A protester holds portraits of US journalists Euna Lee (right) and Laura Ling, who have been detained by North Korea, during a rally demanding a release of the journalists, in Seoul, South Korea.

A protester holds portraits of US journalists Euna Lee (right) and Laura Ling, who have been detained by North Korea, during a rally demanding a release of the journalists, in Seoul, South Korea.

North Korea put two US journalists on trial yesterday on charges of illegally entering the state with "hostile intent", in a case that could worsen tension with Washington after Pyongyang's nuclear test last week.
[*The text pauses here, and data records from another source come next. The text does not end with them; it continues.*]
(* Leibniz rule for differences: [Δ_h (p q) = (Δ_h p) (q (. + h)) + p (Δ_h q)]. *)
Lemma deg_le_mul N : forall k m p q, (k + m = N)%nat -> deg_le k p -> deg_le m q ->
  deg_le N (fun t => p t * q t).
Proof.
  induction N as [|N IH]; intros k m p q E Hp Hq.
  - assert (k = 0%nat) by lia. assert (m = 0%nat) by lia. subst. simpl in *.
    intros t s. rewrite (Hp t s), (Hq t s). reflexivity.
  - destruct k as [|k].
    + simpl in E. subst m. eapply deg_le_ext; [|apply (deg_le_scal _ (p 0) q Hq)].
      intros t; simpl in Hp |- *. rewrite (Hp t 0). reflexivity.
    + destruct m as [|m].
      * replace N with k by lia. eapply deg_le_ext; [|apply (deg_le_scal _ (q 0) p Hp)].
        intros t; simpl in Hq |- *. rewrite (Hq t 0). ring.
      * intros h.
        eapply deg_le_ext; [|apply deg_le_add;
          [apply (IH k (S m) (fun t => p (t + h) - p t) (fun t => q (t + h)));
             [lia|apply Hp|apply deg_le_shift, Hq]
          |apply (IH (S k) m p (fun t => q (t + h) - q t)); [lia|exact Hp|apply Hq]]].
        intros t; simpl; ring.
Qed.

Lemma deg_le_pow_affine j : forall a b, deg_le j (fun t => (a + t * b) ^ j).
Proof.
  induction j as [|j IH]; intros a b.
  - intros t s. reflexivity.
  - apply (deg_le_mul (S j) 1 j); [reflexivity| |apply IH].
    intros h t s. ring.
Qed.

Lemma is_poly_ext p q : (forall t, p t = q t) -> is_poly p -> is_poly q.
Proof. intros E [k H]; exists k; eapply deg_le_ext; eauto. Qed.

Lemma is_poly_const c : is_poly (fun _ => c).
Proof. exists 0%nat; intros t s; reflexivity. Qed.

Lemma is_poly_add p q : is_poly p -> is_poly q -> is_poly (fun t => p t + q t).
Proof.
  intros [k Hk] [m Hm]; exists (Nat.max k m).
  apply deg_le_add; [apply (deg_le_weaken k)|apply (deg_le_weaken m)]; auto; lia.
Qed.

Lemma is_poly_mul p q : is_poly p -> is_poly q -> is_poly (fun t => p t * q t).
Proof. intros [k Hk] [m Hm]; exists (k + m)%nat. eapply deg_le_mul; eauto. Qed.

Lemma const_of_small_periods (p : R -> R) (e : R) : 0 < e ->
  (forall h s, 0 < h <= e -> p (s + h) = p s) -> forall s t, p t = p s.
Proof.
  intros He Hper.
  assert (Hiter : forall h, 0 < h <= e -> forall j s, p (s + INR j * h) = p s).
  { intros h Hh j; induction j as [|j IHj]; intros s.
    - simpl. f_equal. ring.
    - rewrite S_INR. replace (s + (INR j + 1) * h) with (s + INR j * h + h) by ring.
      rewrite Hper by exact Hh. apply IHj. }
  assert (Hle : forall s t, s < t -> p t = p s).
  { intros s t Hst. destruct (INR_archimed e (t - s) He) as [N HN].
    assert (HNpos : 0 < INR N) by nra.
    set (h := (t - s) / INR N).
    assert (Hh : 0 < h <= e).
    { unfold h; split; [apply Rdiv_lt_0_compat; lra|].
      apply Rmult_le_reg_l with (INR N); [lra|]. field_simplify; lra. }
    rewrite <- (Hiter h Hh N s). f_equal. unfold h. field. lra. }
  intros s t. destruct (Rtotal_order s t) as [H|[H|H]]; [auto|subst; reflexivity|].
  symmetry; auto.
Qed.

Lemma deg_le_zero_on_interval k : forall p a b, a < b -> deg_le k p ->
  (forall t, a <= t <= b -> p t = 0) -> forall t, p t = 0.
Proof.
  induction k as [|k IH]; intros p a b Hab Hp Hz t.
  - rewrite (Hp t a). apply Hz. lra.
  - set (e := (b - a) / 2).
    assert (Hper : forall h s, 0 < h <= e -> p (s + h) = p s).
    { intros h s Hh.
      assert (Hdiff := IH (fun t => p (t + h) - p t) a (a + e) ltac:(unfold e; lra) (Hp h)).
      simpl in Hdiff. enough (p (s + h) - p s = 0) by lra.
      apply Hdiff. intros u Hu. rewrite !Hz by (unfold e in *; lra). ring. }
    rewrite (const_of_small_periods p e ltac:(unfold e; lra) Hper a t). apply Hz. lra.
Qed.

Ltac vec_ext := apply functional_extensionality; intro; unfold vadd, vscal, vzero.

Lemma vadd_comm x y : vadd x y = vadd y x.
Proof. vec_ext. ring. Qed.

Lemma monom_scal n a c x : monom n a (vscal c x) = c ^ mdeg n a * monom n a x.
Proof.
  induction n as [|n IH]; simpl; [ring|].
  rewrite IH. unfold vscal. rewrite Rpow_mult_distr, pow_add. ring.
Qed.

Lemma poly_eval_scal n d l c x : (forall p, In p l -> mdeg n (snd p) = d) ->
  poly_eval n l (vscal c x) = c ^ d * poly_eval n l x.
Proof.
  induction l as [|p l IH]; intros H; unfold poly_eval in *; simpl; [ring|].
  rewrite monom_scal, H by (left; auto). rewrite IH by (intros; apply H; right; auto). ring.
Qed.

Lemma monom_coord n a x y : (forall i, (i < n)%nat -> x i = y i) -> monom n a x = monom n a y.
Proof.
  induction n as [|n IH]; intros H; simpl; auto.
  rewrite IH by (intros; apply H; lia). rewrite H by lia. reflexivity.
Qed.

Lemma poly_eval_coord n l x y : (forall i, (i < n)%nat -> x i = y i) ->
  poly_eval n l x = poly_eval n l y.
Proof.
  intros H; induction l as [|p l IH]; unfold poly_eval in *; simpl; auto.
  rewrite IH, (monom_coord n _ x y H). reflexivity.
Qed.

Lemma monom_line_poly n a x v : is_poly (fun t => monom n a (vadd x (vscal t v))).
Proof.
  induction n as [|n IH]; simpl; [apply is_poly_const|].
  apply is_poly_mul; auto. exists (a n).
  eapply deg_le_ext; [|apply (deg_le_pow_affine (a n) (x n) (v n))].
  intros t; unfold vadd, vscal. reflexivity.
Qed.

Lemma poly_eval_line_poly n l x v : is_poly (fun t => poly_eval n l (vadd x (vscal t v))).
Proof.
  induction l as [|p l IH]; unfold poly_eval in *; simpl; [apply is_poly_const|].
  apply is_poly_add; auto. apply is_poly_mul; [apply is_poly_const|apply monom_line_poly].
Qed.

Lemma pow_even_abs d c : Nat.Even d -> c ^ d = Rabs c ^ d.
Proof.
  intros [m ->]. rewrite !pow_sqr, <- Rabs_mult, Rabs_right; [reflexivity|].
  apply Rle_ge, Rle_0_sqr.
Qed.

Lemma droot_nonpos d y : y <= 0 -> droot d y = 0.
Proof. intros H. unfold droot. destruct Rle_dec; [reflexivity|lra]. Qed.

Lemma droot_Rpower d y : 0 < y -> droot d y = Rpower y (/ INR d).
Proof. intros H. unfold droot. destruct Rle_dec; [lra|reflexivity]. Qed.

Lemma droot_nonneg d y : 0 <= droot d y.
Proof.
  destruct (Rle_lt_dec y 0) as [H|H].
  - rewrite droot_nonpos by exact H. lra.
  - rewrite droot_Rpower by exact H. left; apply exp_pos.
Qed.

Lemma droot_pos d y : 0 < y -> 0 < droot d y.
Proof. intros H. rewrite droot_Rpower by exact H. apply exp_pos. Qed.

Section Droot.

Variable d : nat.
Hypothesis hd : (0 < d)%nat.

Let INR_d_neq0 : INR d <> 0.
Proof. apply not_0_INR. lia. Qed.

Lemma droot_pow y : 0 <= y -> droot d y ^ d = y.
Proof.
  intros [Hy|<-].
  - rewrite droot_Rpower, <- Rpower_pow by (try apply exp_pos; exact Hy).
    rewrite Rpower_mult, Rinv_l, Rpower_1 by (exact INR_d_neq0 || exact Hy). reflexivity.
  - rewrite droot_nonpos by lra. apply pow_i, hd.
Qed.

Lemma pow_droot a : 0 <= a -> droot d (a ^ d) = a.
Proof.
  intros [Ha|<-].
  - rewrite droot_Rpower, <- Rpower_pow by (try apply pow_lt; exact Ha).
    rewrite Rpower_mult, Rinv_r, Rpower_1 by (exact INR_d_neq0 || exact Ha). reflexivity.
  - rewrite pow_i by exact hd. apply droot_nonpos. lra.
Qed.

Lemma droot_le y1 y2 : 0 <= y1 <= y2 -> droot d y1 <= droot d y2.
Proof.
  intros [[H1|<-] H12].
  - rewrite !droot_Rpower by lra. apply Rle_Rpower_l; [|lra].
    left; apply Rinv_0_lt_compat, lt_0_INR, hd.
  - rewrite droot_nonpos by lra. apply droot_nonneg.
Qed.

Lemma droot_mul a y : 0 <= a -> 0 <= y -> droot d (a ^ d * y) = a * droot d y.
Proof.
  intros [Ha|<-] [Hy|<-].
  - assert (Had : 0 < a ^ d) by (apply pow_lt, Ha).
    rewrite !droot_Rpower by (try apply Rmult_lt_0_compat; assumption).
    rewrite <- Rpower_mult_distr by assumption.
    rewrite <- droot_Rpower, pow_droot by lra. reflexivity.
  - rewrite Rmult_0_r, droot_nonpos by lra. ring.
  - rewrite pow_i, Rmult_0_l, droot_nonpos by (lra || exact hd). ring.
  - rewrite pow_i, Rmult_0_l, droot_nonpos by (lra || exact hd). ring.
Qed.

End Droot.

Lemma pow_convex k : forall a b l, 0 <= a -> 0 <= b -> 0 <= l <= 1 ->
  (l * a + (1 - l) * b) ^ k <= l * a ^ k + (1 - l) * b ^ k.
Proof.
  induction k as [|k IH]; intros a b l Ha Hb Hl; simpl; [lra|].
  apply Rle_trans with ((l * a + (1 - l) * b) * (l * a ^ k + (1 - l) * b ^ k)).
  - apply Rmult_le_compat_l; [nra|]. apply IH; auto.
  - (* Chebyshev: [a - b] and [a^k - b^k] have the same sign. *)
    assert (0 <= (a - b) * (a ^ k - b ^ k)).
    { destruct (Rle_dec a b).
      - pose proof (pow_incr a b k ltac:(lra)). nra.
      - pose proof (pow_incr b a k ltac:(lra)). nra. }
    assert (l * (a * a ^ k) + (1 - l) * (b * b ^ k) -
            (l * a + (1 - l) * b) * (l * a ^ k + (1 - l) * b ^ k)
            = (l * (1 - l)) * ((a - b) * (a ^ k - b ^ k))) by ring.
    assert (0 <= l * (1 - l)) by nra. nra.
Qed.

Definition convex_fun (phi : R -> R) : Prop :=
  forall mu a b, 0 <= mu <= 1 -> phi (mu * a + (1 - mu) * b) <= mu * phi a + (1 - mu) * phi b.

Lemma convex_poly_affine phi lm : convex_fun phi -> is_poly phi -> 0 < lm < 1 ->
  lm * phi 1 + (1 - lm) * phi 0 <= phi lm ->
  forall t, phi t = phi 0 + t * (phi 1 - phi 0).
Proof.
  intros Hc [k Hk] Hlm Hmid.
  set (psi := fun t => phi t - (phi 0 + t * (phi 1 - phi 0))).
  assert (psi_le : forall t, 0 <= t <= 1 -> psi t <= 0).
  { intros t Ht. pose proof (Hc t 1 0 Ht) as H.
    replace (t * 1 + (1 - t) * 0) with t in H by ring. unfold psi; lra. }
  (* [lm] lies between [t] and [1]; convexity there forces [psi t >= 0]. *)
  assert (psi_ge : forall t, 0 <= t <= lm -> 0 <= psi t).
  { intros t Ht. set (mu := (1 - lm) / (1 - t)).
    assert (Hmu : 0 < mu <= 1).
    { unfold mu; split; [apply Rdiv_lt_0_compat; lra|].
      apply Rmult_le_reg_r with (1 - t); [lra|]. field_simplify; lra. }
    pose proof (Hc mu t 1 ltac:(lra)) as H.
    replace (mu * t + (1 - mu) * 1) with lm in H by (unfold mu; field; lra).
    assert (K : mu * psi t = mu * phi t - (lm - 1 + mu) * phi 1 - (1 - lm) * phi 0).
    { unfold psi, mu. field. lra. }
    apply Rmult_le_reg_l with mu; lra. }
  assert (psi_poly : deg_le (S k) psi).
  { unfold psi. apply (deg_le_ext _ (fun t => phi t + (- phi 0 + (phi 0 - phi 1) * t)));
      [intros t; ring|].
    apply deg_le_add; [exact (deg_le_S k phi Hk)|].
    apply (deg_le_weaken 1); [lia|].
    intros h t s. ring. }
  intros t. enough (psi t = 0) by (unfold psi in *; lra).
  apply (deg_le_zero_on_interval (S k) psi 0 lm); [lra|exact psi_poly|].
  intros u Hu. pose proof (psi_le u ltac:(lra)). pose proof (psi_ge u Hu). lra.
Qed.

Lemma affine_nonneg_slope a b : (forall t, 0 <= a + t * b) -> b = 0.
Proof.
  intros H. destruct (Req_dec b 0) as [E|E]; [exact E|].
  pose proof (H (- (a + 1) / b)) as Hneg.
  replace (- (a + 1) / b * b) with (- (a + 1)) in Hneg by (field; exact E). lra.
Qed.

Lemma nonpos_of_le_pow_mul d a c : (0 < d)%nat ->
  (forall s, 0 < s -> a <= s ^ d * c) -> a <= 0.
Proof.
  intros hd H. destruct (Rle_lt_dec a 0) as [Ha|Ha]; [exact Ha|exfalso].
  pose proof (Rabs_pos c) as Hc. pose proof (Rle_abs c).
  set (s := a / (a + Rabs c + 1)).
  assert (Es : s * (a + Rabs c + 1) = a) by (unfold s; field; lra).
  assert (Hs : 0 < s) by (unfold s; apply Rdiv_lt_0_compat; lra).
  assert (Hsd : s ^ d <= s).
  { destruct d as [|k]; [lia|]. simpl.
    pose proof (pow_incr s 1 k ltac:(nra)). rewrite pow1 in *. nra. }
  pose proof (H s Hs). pose proof (pow_le s d ltac:(lra)). nra.
Qed.

Section Form.

Variables (n d : nat) (f : (nat -> R) -> R).
Hypothesis hf : is_form n d f.

Lemma form_homog c x : f (vscal c x) = c ^ d * f x.
Proof. destruct hf as [l [Hdeg Hf]]. rewrite !Hf. apply poly_eval_scal, Hdeg. Qed.

Lemma form_coord x y : (forall i, (i < n)%nat -> x i = y i) -> f x = f y.
Proof. destruct hf as [l [_ Hf]]. intros H. rewrite !Hf. apply poly_eval_coord, H. Qed.

Lemma form_line_poly x v : is_poly (fun t => f (vadd x (vscal t v))).
Proof.
  destruct hf as [l [_ Hf]].
  eapply is_poly_ext; [|apply (poly_eval_line_poly n l x v)]. intros t; simpl; rewrite Hf; reflexivity.
Qed.

Hypothesis hd : (0 < d)%nat.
The journalists, Euna Lee and Laura Ling of the US media outlet Current TV, were arrested in March near the border between China and North Korea while working on a story. The TV network was co-founded by former US Vice President Al Gore.

North Korea's KCNA news agency said in a one-sentence dispatch that the trial would begin at 0600 GMT (3 p.m. local time) at one of the country's highest courts.

Experts say the pair could face a sentence of 10 years or more of hard labour in the reclusive state. They add a guilty verdict is almost certain in a North Korean justice system that protects the unquestioned rule of leader Kim Jong-il.

Analysts said the two had become bargaining chips in high-stakes negotiations with the United States, which has long sought to end the North's nuclear ambitions.

"The country is being very careful in dealing with the two US citizens and is aware of international attention and the implications of the case," said Park Jeong-woo, a law professor at Kookmin University and an expert in the North's legal system.

Little has been heard of the two journalists since their arrest but they were seen last month by Sweden's ambassador to Pyongyang on behalf of Washington, which has no diplomatic ties with North Korea.

"When I first got here, I cried so much. Now, I cry less," Ms Ling was quoted as saying in a letter sent to her sister in May. Human rights groups have said jails in impoverished North Korea are brutal, with torture common and prisoners often killed through malnutrition and abuse.

Prior to the trial, the families of the journalists called for North Korea to quickly release Ms Lee, who has a four-year-old daughter, and Ms Ling, who was being treated for an ulcer.

"We aren't certain of the details of what happened on March 17, but we can say with absolute certainty that when the girls left US soil, they never intended to set foot onto North Korean territory," they said in a statement.